The authors design MM-OCEAN as a multi-stage framework for grounded personality reasoning, structured around three core tasks that progressively evaluate a model's ability to reason about personality traits from multimodal video data. The overall process begins with the input of a video sequence V=(Vvis,Vaud,Vtxt)V = (V_{\text{vis}}, V_{\text{aud}}, V_{\text{txt}})V=(Vvis,Vaud,Vtxt), which includes visual frames, audio, and speech transcription, and proceeds through a pipeline that generates personality ratings, open-ended reasoning, and structured cue grounding. The framework is built upon a human-collaborative annotation process that ensures high-quality, evidence-grounded outputs.

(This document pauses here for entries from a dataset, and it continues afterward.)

Lemma star_adj_sym v : symmetric (star_adj F v).
Proof. by move=> f g; rewrite /star_adj face_adj_sym [(v \in f) && _]andbC. Qed.

Lemma face_adj_common_pair f g v w : f \in F -> g \in F -> f != g ->
  #|f| = 3 -> #|g| = 3 -> v != w -> v \in f -> v \in g -> w \in f -> w \in g ->
  face_adj F f g.
Proof.
move=> fF gF fg f3 g3 vw vf vg wf wg; rewrite /face_adj fF gF fg eqn_leq /=.
have -> : 2 <= #|f :&: g|.
  have vw_fg : [set v; w] \subset f :&: g.
    by rewrite finset.subUset !finset.sub1set !inE vf vg wf wg.
  by have := subset_leq_card vw_fg; rewrite cards2 vw.
rewrite andbT -ltnS -f3; apply: proper_card; rewrite properE subsetIl /=.
apply: contra fg => /(fintype.subset_trans)/(_ (subsetIr f g)) fsubg.
by rewrite eqEcard fsubg f3 g3.
Qed.

Hypothesis card_face : {in F, forall f, #|f| = 3}.
Hypothesis card_faces_at_edge : forall e, e \in edges F -> #|[set f in F | e \subset f]| = 2.

Lemma card_edges : 2 * #|edges F| = 3 * #|F|.
Proof.
have card_sub_sum (T : finType) (A : {set T}) (P : pred T) :
    #|[set x in A | P x]| = \sum_(x in A) (P x : nat).
  by rewrite -sum1dep_card big_mkcondr; apply: eq_bigr => x _; case: (P x).
have edges_at_face f : f \in F -> #|[set e in edges F | e \subset f]| = 3.
  move=> fF; rewrite -[3]/'C(3, 2) -(card_face fF) -cards_draws.
  apply: eq_card => e; rewrite !inE andbC; case: (boolP (e \subset f)) => //= ef.
  by apply: andb_idr => _; apply/existsP; exists f; rewrite fF.
have -> : 2 * #|edges F| = \sum_(e in edges F) #|[set f in F | e \subset f]|.
  by rewrite mulnC -sum_nat_const; apply: eq_bigr => e /card_faces_at_edge.
have -> : 3 * #|F| = \sum_(f in F) #|[set e in edges F | e \subset f]|.
  by rewrite mulnC -sum_nat_const; apply: eq_bigr => f /edges_at_face.
under eq_bigr => e _ do rewrite card_sub_sum.
under [RHS]eq_bigr => f _ do rewrite card_sub_sum.
exact: exchange_big.
Qed.
End ClosedSurface.

Local Open Scope ring_scope.

Lemma ler_acos (x y : R) : -1 <= x <= 1 -> -1 <= y <= 1 -> x <= y -> acos y <= acos x.
Proof.
move=> hx hy le_xy; rewrite leNgt; apply/negP => lt_xy.
have acos_itv (z : R) : -1 <= z <= 1 -> acos z \in `[0, pi].
  by move=> hz; rewrite in_itv /= acos_ge0 ?acos_lepi.
have := ltr_cos (acos_itv _ hx) (acos_itv _ hy).
by rewrite !acosK ?in_itv //= lt_xy ltNge le_xy.
Qed.

Lemma triangle_angle_sum (A B C : R) : A < B + C -> B < A + C -> C < A + B ->
  acos ((B ^+ 2 + C ^+ 2 - A ^+ 2) / (2 * B * C))
  + acos ((A ^+ 2 + C ^+ 2 - B ^+ 2) / (2 * A * C))
  + acos ((A ^+ 2 + B ^+ 2 - C ^+ 2) / (2 * A * B)) = pi.
Proof.
move=> hA hB hC.
set x := _ / (2 * B * C); set y := _ / (2 * A * C); set z := _ / (2 * A * B).
have [A0 same0 C0] : [/\ 0 < A, 0 < B & 0 < C] by split; lra.
have [nA nB nC] : [/\ A != 0, B != 0 & C != 0] by rewrite !gt_eqF.
(* [heron] is 16 times the squared area of the triangle (Heron's formula). *)
set heron := (A + B + C) * (- A + B + C) * (A - B + C) * (A + B - C).
have heron_gt0 : 0 < heron by rewrite !mulr_gt0 //; lra.
have cos_bound (u D : R) : 0 < D -> 1 - u ^+ 2 = heron / D -> -1 <= u <= 1.
  move=> D0 hu; have : 0 < 1 - u ^+ 2 by rewrite hu divr_gt0.
  by move=> ?; apply/andP; split; nra.
have x_bound : -1 <= x <= 1.
  apply: (cos_bound _ (4 * B ^+ 2 * C ^+ 2)); first by rewrite !mulr_gt0 ?exprn_gt0.
  by rewrite /x /heron; field; rewrite nB nC.
have y_bound : -1 <= y <= 1.
  apply: (cos_bound _ (4 * A ^+ 2 * C ^+ 2)); first by rewrite !mulr_gt0 ?exprn_gt0.
  by rewrite /y /heron; field; rewrite nA nC.
have z_bound : -1 <= z <= 1.
  apply: (cos_bound _ (4 * A ^+ 2 * B ^+ 2)); first by rewrite !mulr_gt0 ?exprn_gt0.
  by rewrite /z /heron; field; rewrite nA nB.
have xy_ge0 : 0 <= x + y.
  have -> : x + y = (A + B) * ((C - (A - B)) * (C + (A - B))) / (2 * A * B * C).
    by rewrite /x /y; field; rewrite nA nB nC.
  by rewrite divr_ge0 ?mulr_ge0 //; lra.
have zxy_ge0 : 0 <= z + x * y.
  have -> : z + x * y = heron / (4 * A * B * C ^+ 2).
    by rewrite /z /x /y /heron; field; rewrite nA nB nC.
  by rewrite divr_ge0 ?mulr_ge0 //; lra.
have sin_prod : Num.sqrt ((1 - x ^+ 2) * (1 - y ^+ 2)) = z + x * y.
  have -> : (1 - x ^+ 2) * (1 - y ^+ 2) = (z + x * y) ^+ 2.
    by rewrite /x /y /z; field; rewrite nA nB nC.
  by rewrite sqrtr_sqr ger0_norm.
have sum_le_pi : acos x + acos y <= pi.
  have := @ler_acos (- y) x _ x_bound; rewrite acosN //.
  by move=> le; have := le ltac:(lra) ltac:(lra); lra.
suff -> : acos z = pi - (acos x + acos y) by lra.
have -> : z = cos (pi - (acos x + acos y)).
  rewrite cosB cospi sinpi trigo.cosD !acosK ?in_itv // !sin_acos //.
  by rewrite -sqrtrM ?sin_prod; [ring | nra].
by rewrite cosK // in_itv /= subr_ge0 sum_le_pi gerBl addr_ge0 ?acos_ge0.
Qed.

Section CornerAngles.
Variable n : nat.
Implicit Types (a b c : 'I_n) (F : {set {set 'I_n}}) (f : {set 'I_n}).

Lemma set3_rot a b c : [set a; b; c] = [set b; c; a].
Proof. by apply/setP => x; rewrite !inE [RHS]orbC orbA. Qed.

Lemma set3_card3 f : #|f| = 3 ->
  exists a b c, [/\ a != b, a != c, b != c & f = [set a; b; c]].
Proof.
move=> f3; have [a fa] : exists a, a \in f by apply/set0Pn; rewrite -card_gt0 f3.
have /cards2P [b [c [bc fDa]]] : #|f :\ a| == 2 by move: f3; rewrite (cardsD1 a) fa add1n => -[->].
have [ab ac] : a != b /\ a != c.
  by split; apply/eqP => ea; have := setD11 a f; rewrite fDa ea !inE eqxx ?orbT.
by exists a, b, c; split => //; rewrite -finset.setUA -fDa finset.setD1K.
Qed.

Lemma set3D1 a b c : a != b -> a != c -> [set a; b; c] :\ a = [set b; c].
Proof. by move=> ab ac; rewrite -finset.setUA setU1K // !inE negb_or ab ac. Qed.

Lemma edges_through_set3 a b c (e : {set 'I_n}) : a != b -> a != c -> b != c ->
  [&& e \subset [set a; b; c], #|e| == 2 & a \in e] = (e == [set a; b]) || (e == [set a; c]).
Proof.
move=> ab ac bc; apply/idP/idP; last first.
  case/orP => /eqP ->; rewrite cards2 ?ab ?ac !inE eqxx finset.subUset !finset.sub1set;
  by rewrite !inE !eqxx ?orbT.
case/and3P => sub /cards2P [x [y [xy exy]]]; move: sub; rewrite exy.
rewrite finset.subUset !finset.sub1set !inE -!orbA => /andP[hx hy].
case/orP => /eqP ea; subst a.
  by case/or3P: hy xy => /eqP ->; rewrite ?eqxx ?orbT.
by rewrite finset.setUC; case/or3P: hx xy => /eqP ->; rewrite ?eqxx ?orbT // eq_sym.
Qed.

Lemma big_edges_through_set3 (T : Type) (idx : T) (op : Monoid.com_law idx)
    (h : {set 'I_n} -> T) a b c : a != b -> a != c -> b != c ->
  \big[op/idx]_(e : {set 'I_n} | [&& e \subset [set a; b; c], #|e| == 2 & a \in e]) h e
  = op (h [set a; b]) (h [set a; c]).
Proof.
move=> ab ac bc.
rewrite (eq_bigl (mem [set [set a; b]; [set a; c]])) => [|e]; last first.
  by rewrite edges_through_set3 // !inE.
rewrite big_setU1 ?big_set1 // !inE; apply/eqP => /setP /(_ b).
by rewrite !inE eqxx orbT eq_sym (negbTE ab) (negbTE bc).
Qed.

Variable l : {set 'I_n} -> R.

Lemma corner_angle_set3 a b c : a != b -> a != c -> b != c ->
  corner_angle l a [set a; b; c] =
  acos ((l [set a; b] ^+ 2 + l [set a; c] ^+ 2 - l [set b; c] ^+ 2)
        / (2 * (l [set a; b] * l [set a; c]))).
Proof.
by move=> ab ac bc; rewrite /corner_angle set3D1 // !big_edges_through_set3.
Qed.

Lemma nondegenerate_set3 F a b c : nondegenerate_lengths l F -> [set a; b; c] \in F ->
  a != b -> a != c -> b != c -> l [set b; c] < l [set a; b] + l [set a; c].
Proof.
move=> [_ ineq] abcF ab ac bc.
by have := ineq _ a abcF; rewrite !inE eqxx set3D1 // big_edges_through_set3 //; apply.
Qed.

The first stage, Atomic-Cue Annotation, involves an Observer and an Annotator who identify and label atomic perceptual cues from the video. These cues are categorized into four dimensions: Expression, Action, Audio, and Background, each annotated with start and end timestamps, a textual description, and, where applicable, bounding-box coordinates. This stage produces a set of atomic observations, which are then used in subsequent reasoning tasks. The annotations are refined through a filtering and expert review process, where a text-only large language model (LLM) evaluates the quality of the generated multiple-choice questions (MCQs), and expert human annotators review the rationales and MCQs to ensure coherence and grounding.

As shown in the figure below, the seven cue-grounding MCQ categories are organized into two clusters: Reasoning, which involves semantic and causal inference, and Visual Grounding, which focuses on pixel- and time-level localization. These categories are systematically applied across the three tasks to ensure a comprehensive evaluation of the model's reasoning capabilities.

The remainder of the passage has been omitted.